If people depend on your income, life insurance moves from "should do" to "must do." For young families, the good news is that buying early — while you're young and healthy — is exactly when coverage is most affordable.
How much coverage do young families need?
Enough to replace income, pay off the mortgage, clear debts, and fund future costs like childcare and college. A common starting point is 10–15× your income, adjusted for your mortgage and goals. Work it out with our coverage calculator guide.
Term is usually the right foundation
A 20- or 30-year term policy covers the years your kids are dependent and your mortgage is largest — for a fraction of the cost of permanent insurance.

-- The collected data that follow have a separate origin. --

(* With the notation below, if $\Xi_{ijk}>0$, then the three lengths $l_{ij},l_{jk},l_{ki}$ satisfy the strict triangle inequalities, and the orthogonal circle of the resulting hyperbolic triangle is compact. In particular, for a triangulation $\mathcal T$, the set $\Xi(\mathcal T)$ of $(\mathbf I,\mathbf r)\in\mathbb R^{E(\mathcal T)}_{>1}\times\mathbb R^V_{>0}$ with $\Xi_{ijk}>0$ for every face $f_{ijk}$ is contained in $Q_h(\mathcal T)$.
   Context: For a face $f_{ijk}$ with radii $r_i,r_j,r_k>0$ at its vertices and inversive distances $a=I_{jk},b=I_{ki},c=I_{ij}>1$ on its edges, set $p=\cosh r_i,q=\cosh r_j,r=\cosh r_k$, $x=\cosh l_{jk}=qr+a\sinh r_j\sinh r_k$, $y=\cosh l_{ki}=rp+b\sinh r_k\sinh r_i$, $z=\cosh l_{ij}=pq+c\sinh r_i\sinh r_j$, and $$\Xi_{ijk}=p^2(1-x^2)+q^2(1-y^2)+r^2(1-z^2)+2pq(xy-z)+2pr(xz-y)+2qr(yz-x).$$ Orthogonal circle: embed the triangle isometrically in the Poincaré disk $\mathbb D\subset\mathbb R^2$; the hyperbolic vertex circles are Euclidean circles, and the orthogonal circle is the unique Euclidean circle orthogonal to all three; it is compact if it lies in the open disk $\mathbb D$. $Q_h(\mathcal T)$ is the set of $(\mathbf I,\mathbf r)$ whose lengths $l_{ij}=\operatorname{arccosh}(\cosh r_i\cosh r_j+I_{ij}\sinh r_i\sinh r_j)$ satisfy strict triangle inequalities on every face of the triangulation $\mathcal T$ (a $\Delta$-complex triangulation of a marked closed surface $(S,V)$). *)

From Stdlib Require Import Reals.
Open Scope R_scope.

Definition acosh (x : R) : R := ln (x + sqrt (x * x - 1)).

Definition edge_len (ri rj I : R) : R :=
  acosh (cosh ri * cosh rj + I * sinh ri * sinh rj).

(* Xi_{ijk}, with a = I_jk, b = I_ki, c = I_ij *)
Definition Xi (ri rj rk a b c : R) : R :=
  let p := cosh ri in let q := cosh rj in let r := cosh rk in
  let x := q * r + a * sinh rj * sinh rk in
  let y := r * p + b * sinh rk * sinh ri in
  let z := p * q + c * sinh ri * sinh rj in
  p^2 * (1 - x^2) + q^2 * (1 - y^2) + r^2 * (1 - z^2)
  + 2 * p * q * (x * y - z) + 2 * p * r * (x * z - y) + 2 * q * r * (y * z - x).

Definition strict_triangle (x y z : R) : Prop :=
  x < y + z /\ y < z + x /\ z < x + y.

Definition pt := (R * R)%type.
Definition norm2 (z : pt) : R := fst z ^ 2 + snd z ^ 2.
Definition dist2 (z w : pt) : R := (fst z - fst w) ^ 2 + (snd z - snd w) ^ 2.
Definition in_disk (z : pt) : Prop := norm2 z < 1.

Definition dH (z w : pt) : R :=
  acosh (1 + 2 * dist2 z w / ((1 - norm2 z) * (1 - norm2 w))).

Definition euclid_circle_of (P : pt) (r : R) (e : pt) (s : R) : Prop :=
  0 < s /\ forall z : pt, (in_disk z /\ dH z P = r) <-> dist2 z e = s ^ 2.

Definition euclid_orthogonal (o : pt) (rho : R) (e : pt) (s : R) : Prop :=
  dist2 o e = rho ^ 2 + s ^ 2.

Definition orth_circle (Pi Pj Pk : pt) (ri rj rk : R) (o : pt) (rho : R) : Prop :=
  0 < rho /\
  forall (e : pt) (s : R),
    (euclid_circle_of Pi ri e s \/ euclid_circle_of Pj rj e s
     \/ euclid_circle_of Pk rk e s) ->
    euclid_orthogonal o rho e s.

(* a Euclidean circle is compact if it lies in the open unit disk *)
Definition compact_circle (o : pt) (rho : R) : Prop :=
  sqrt (norm2 o) + rho < 1.

(* Combinatorial face data of a (Delta-complex) triangulation: each face f
   has vertices v1 f, v2 f, v3 f (= i, j, k) and edges e1 f, e2 f, e3 f
   (= e_jk, e_ki, e_ij), the edge e_n being opposite to vertex v_n. *)
Record triangulation := {
  TV : Type; TE : Type; TF : Type;
  v1 : TF -> TV; v2 : TF -> TV; v3 : TF -> TV;
  e1 : TF -> TE; e2 : TF -> TE; e3 : TF -> TE }.

Definition domain_ok (T : triangulation) (I : TE T -> R) (r : TV T -> R) : Prop :=
  (forall e, 1 < I e) /\ (forall v, 0 < r v).

Definition Q_h (T : triangulation) (I : TE T -> R) (r : TV T -> R) : Prop :=
  domain_ok T I r /\
  forall f : TF T,
    strict_triangle
      (edge_len (r (v1 T f)) (r (v2 T f)) (I (e3 T f)))
      (edge_len (r (v2 T f)) (r (v3 T f)) (I (e1 T f)))
      (edge_len (r (v3 T f)) (r (v1 T f)) (I (e2 T f))).

Definition Xi_set (T : triangulation) (I : TE T -> R) (r : TV T -> R) : Prop :=
  domain_ok T I r /\
  forall f : TF T,
    0 < Xi (r (v1 T f)) (r (v2 T f)) (r (v3 T f)) (I (e1 T f)) (I (e2 T f)) (I (e3 T f)).

From Stdlib Require Import Reals Lra Psatz.
Open Scope R_scope.

(* Lift the Poincare disk to the hyperboloid [<X, X> = -1] of Minkowski space R^{1,2}.
   The vertices of the face become unit timelike vectors whose Gram determinant is
   [gram3 x y z], with [x, y, z] the cosh of the edge lengths; its positivity forces
   the strict triangle inequalities, and it exceeds [Xi] by
   [(sinh r_i sinh r_j sinh r_k)^2 (a^2 + b^2 + c^2 + 2abc - 1) > 0].
   A Euclidean circle [(o, rho)] is encoded by a Lorentz vector [N], and it is
   orthogonal to the Euclidean image of the hyperbolic circle [(P, r)] iff
   [<N, P> = (|o|^2 - rho^2 - 1) cosh r]. The vector [M] dual to
   [(cosh r_i, cosh r_j, cosh r_k)] has [<M, M> = - Xi / gram3], which lies in [(-1, 0)].
   The orthogonal circle is the one with [N] a multiple of [M]; it exists because
   [<M, M> > -1], and it lies inside the disk because [M] is timelike and past-directed. *)

Lemma cosh_exp t : cosh t = (exp t + / exp t) / 2.
Proof. unfold cosh; rewrite exp_Ropp; reflexivity. Qed.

That frees up cash flow for the things young families actually need now.
Insure both parents — including a stay-at-home parent
The income-earner is obvious, but a stay-at-home parent provides childcare and household work that would be expensive to replace. Coverage on both is smart.
Add living benefits
Many term policies now include living benefits that let you access part of the benefit if you're diagnosed with a serious illness — valuable protection at little or no extra cost.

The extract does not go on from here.